The dashboard has a two-colour aesthetic, with switches of driving modes in the centre tunnel, as well as a large multimedia system touch display. The traditional instrument panel has been replaced by the central multimedia screen and a head-up display projected on the windshield.

==== Drivetrain ====
The VF 8 is available with multiple traction motor arrangements. In the United States, the VF 8 has a dual-motor all-wheel-drive arrangement, with output of either 348 hp and 368 lbft ("Eco" model) or 402 hp and 457 lbft ("Plus"). In Vietnam, the VF 8 is also available in two versions: Eco and Plus. Both of them use dual-motor and all-wheel-drive configuration. The VF 8 Eco has 260 kW and 500 Nm, while the VF 8 Plus has 300 kW and 620 Nm.

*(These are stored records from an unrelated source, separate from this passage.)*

Lemma P_list_theta (L : theta_vertex l1 l2 l3 -> {set C}) X0 X1 W1 W2 W3 :
  codom L = X0 :: X1 :: W1 ++ W2 ++ W3 -> size W1 = l1.-1 -> size W2 = l2.-1 ->
  P_list (theta_adj l1 l2 l3) L =
  \sum_(a in X0) \sum_(b in X1) npath a W1 b * npath a W2 b * npath a W3 b.
Proof.
move=> codomL sizeW1 sizeW2.
have sizeW3 : size W3 = l3.-1.
  by move: (size_codom L); rewrite codomL card_ord /= !size_cat sizeW1 sizeW2; lia.
rewrite /P_list.
have -> : [set f : {ffun theta_vertex l1 l2 l3 -> C} |
      [forall w, f w \in L w] && Defs.proper (theta_adj l1 l2 l3) f] =
    [set f : {ffun theta_vertex l1 l2 l3 -> C} | theta_coloured (codom L) (codom f)].
  by apply/setP => f; rewrite !inE forall_in_lists proper_theta.
rewrite card_ffun_codom codomL (_ : n = (size W1 + (size W2 + size W3)).+2); last first.
  by rewrite sizeW1 sizeW2 sizeW3; lia.
have count_ab a b : count_tuples (size W1 + (size W2 + size W3))
    (fun w => theta_coloured [:: X0, X1 & W1 ++ W2 ++ W3] [:: a, b & w]) =
    (a \in X0) * ((b \in X1) * (npath a W1 b * npath a W2 b * npath a W3 b)).
  rewrite -count_parallel_paths -!count_tuples_andl; apply: eq_count_tuples => w _.
  by rewrite /theta_coloured /from_lists /= sizeW1 sizeW2 -!andbA.
rewrite /=; under eq_bigr do under eq_bigr do rewrite count_ab.
rewrite [RHS]big_mkcond; apply: eq_bigr => a _; rewrite -big_distrr /=.
case: (a \in X0); rewrite ?mul1n ?mul0n // [RHS]big_mkcond; apply: eq_bigr => b _.
by case: (b \in X1); rewrite ?mul1n.
Qed.

End ThetaColourings.

(** * The graphs Theta(2,2,l) *)

Lemma P_chrom_P_list (V : finType) (adj : rel V) m :
  P_chrom adj m = P_list adj (fun _ => [set: 'I_m]).
Proof.
apply: eq_card => f; rewrite !inE (_ : [forall w, _] = true) //.
by apply/forallP => w; rewrite inE.
Qed.

Section Theta22.
Variable l : nat.
Local Notation u := (theta_u 2 2 l isT isT).
Local Notation v := (theta_v 2 2 l isT isT).

Lemma size_drop4_codom (T : Type) (F : theta_vertex 2 2 l -> T) :
  0 < l -> (size (drop 4 (codom F))).+1 = l.
Proof. by rewrite size_drop size_codom card_ord; lia. Qed.

Lemma codom_theta22 (T : Type) (x0 : T) (F : theta_vertex 2 2 l -> T) : 0 < l ->
  codom F = [:: F u, F v, nth x0 (codom F) 2, nth x0 (codom F) 3 & drop 4 (codom F)].
Proof.
move=> l_gt0; have size_F : size (codom F) = l + 3 by rewrite size_codom card_ord; lia.
rewrite -[LHS]drop0 !(drop_nth x0 (n := 0), drop_nth x0 (n := 1), drop_nth x0 (n := 2),
  drop_nth x0 (n := 3)) ?size_F //; try lia.
by rewrite (nth_codom_ord x0 F u) (nth_codom_ord x0 F v).
Qed.

Lemma P_list_theta22 (C : finType) (L : theta_vertex 2 2 l -> {set C}) : 0 < l ->
  P_list (theta_adj 2 2 l) L = \sum_(a in L u) \sum_(b in L v)
    npath a [:: nth set0 (codom L) 2] b * npath a [:: nth set0 (codom L) 3] b *
    npath a (drop 4 (codom L)) b.
Proof. by move=> l_gt0; apply: P_list_theta; rewrite -?codom_theta22. Qed.

Lemma P_chrom_theta22 m : 1 < m -> 0 < l -> ~~ odd l ->
  P_chrom (theta_adj 2 2 l) m =
  (m - 2) ^ 2 * (m * (m - 1) ^ l) + (2 * m - 3) * ((m - 1) ^ l + (m - 1)).
Proof.
move=> m_gt1 l_gt0 even_l; set T := [set: 'I_m].
have cardT : #|T| = m by rewrite cardsT card_ord.
have codomT : all (pred1 T) (codom (fun _ : theta_vertex 2 2 l => T)).
  by apply/allP => X /codomP[_ ->]; rewrite /= eqxx.
have nthT i : i < 4 -> nth set0 (codom (fun _ : theta_vertex 2 2 l => T)) i = T.
  move=> i_lt4; apply/eqP; apply: (allP codomT); apply: mem_nth.
  by rewrite size_codom card_ord; lia.
rewrite P_chrom_P_list P_list_theta22 // !nthT // (theta_const_wsum m_gt1) //.
rewrite (wsum_const m_gt1) ?size_drop4_codom //.
  by apply/allP => X /mem_drop; apply: (allP codomT).
by rewrite -(size_drop4_codom (fun _ => T)) //= negbK in even_l.
Qed.

Lemma P_list_theta22_ge (C : finType) m (L : theta_vertex 2 2 l -> {set C}) :
  2 < m -> 2 < l -> ~~ odd l -> (forall w, #|L w| = m) -> L u = L v ->
  (m - 2) ^ 2 * (m * (m - 1) ^ l) + (2 * m - 3) * ((m - 1) ^ l + (m - 1)) <=
  P_list (theta_adj 2 2 l) L.
Proof.
move=> m_gt2 l_gt2 even_l cardL eqLuv; have l_gt0 : 0 < l by lia.
have sizedL : all (fun X : {set C} => #|X| == m) (codom L).
  by apply/allP => X /codomP[x ->]; rewrite cardL.
have cardL_nth i : i < 4 -> #|nth set0 (codom L) i| = m.
  move=> i_lt4; apply/eqP; apply: (allP sizedL); apply: mem_nth.
  by rewrite size_codom card_ord; lia.
rewrite P_list_theta22 // -eqLuv.
apply: leq_trans (wsum_le_theta (ltnW m_gt2) _ _ (cardL_nth 2 isT) (cardL_nth 3 isT)).
rewrite -[X in (m - 1) ^ X](size_drop4_codom L l_gt0); apply: wsum_ge => //.
- by apply/allP => X /mem_drop; apply: (allP sizedL).
- by rewrite -(size_drop4_codom L l_gt0) /= negbK in even_l.
- by rewrite -ltnS size_drop4_codom.
Qed.

End Theta22.

Theorem lemma18 (k m : nat) (C : finType)
  (L : theta_vertex 2 2 (2 * k) -> {set C}) :
  2 <= k -> 3 <= m ->
  (forall w, #|L w| = m) ->
  L (theta_u 2 2 (2 * k) isT isT) = L (theta_v 2 2 (2 * k) isT isT) ->
  P_chrom (theta_adj 2 2 (2 * k)) m <= P_list (theta_adj 2 2 (2 * k)) L.
Proof.
move=> k_ge2 m_ge3 cardL eqLuv.
have even_l : ~~ odd (2 * k) by rewrite oddM.
rewrite P_chrom_theta22 ?(ltnW m_ge3) //; last lia.
apply: P_list_theta22_ge => //; lia.
Qed.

The first batteries used in the VF 8 are from Samsung SDI. VinFast plans to add its own battery factory by August 2022. Both the Eco and Plus models are available with one of two traction battery options: "standard range", with 82 kW-hr usable, or "extended range", with 87.7 kW-hr usable (90 kW-hr gross). The estimated range depends on the powertrain and battery combination, ranging from 248 mi ("Plus, standard range") to 292 mi ("Eco, extended range") under the WLTP cycle. For the United States, the batteries are leased separately from the vehicle to reduce purchase costs and alleviate concerns regarding traction battery degradation. VinFast have stated they will replace a leased battery if it falls below 70% of initial capacity. Eventually, VinFast plans to offer the vehicle with a purchased battery.

=== Safety ===
On 18 September 2024, mechanical engineer Hazar Denli said he was sacked after raising safety concerns about VinFast testing. On 24 April 2024, a family of four was killed in a VinFast VF 8 crash in Pleasanton, California. Police reported the vehicle lost control, veered off the road, hit a pole, and caught fire.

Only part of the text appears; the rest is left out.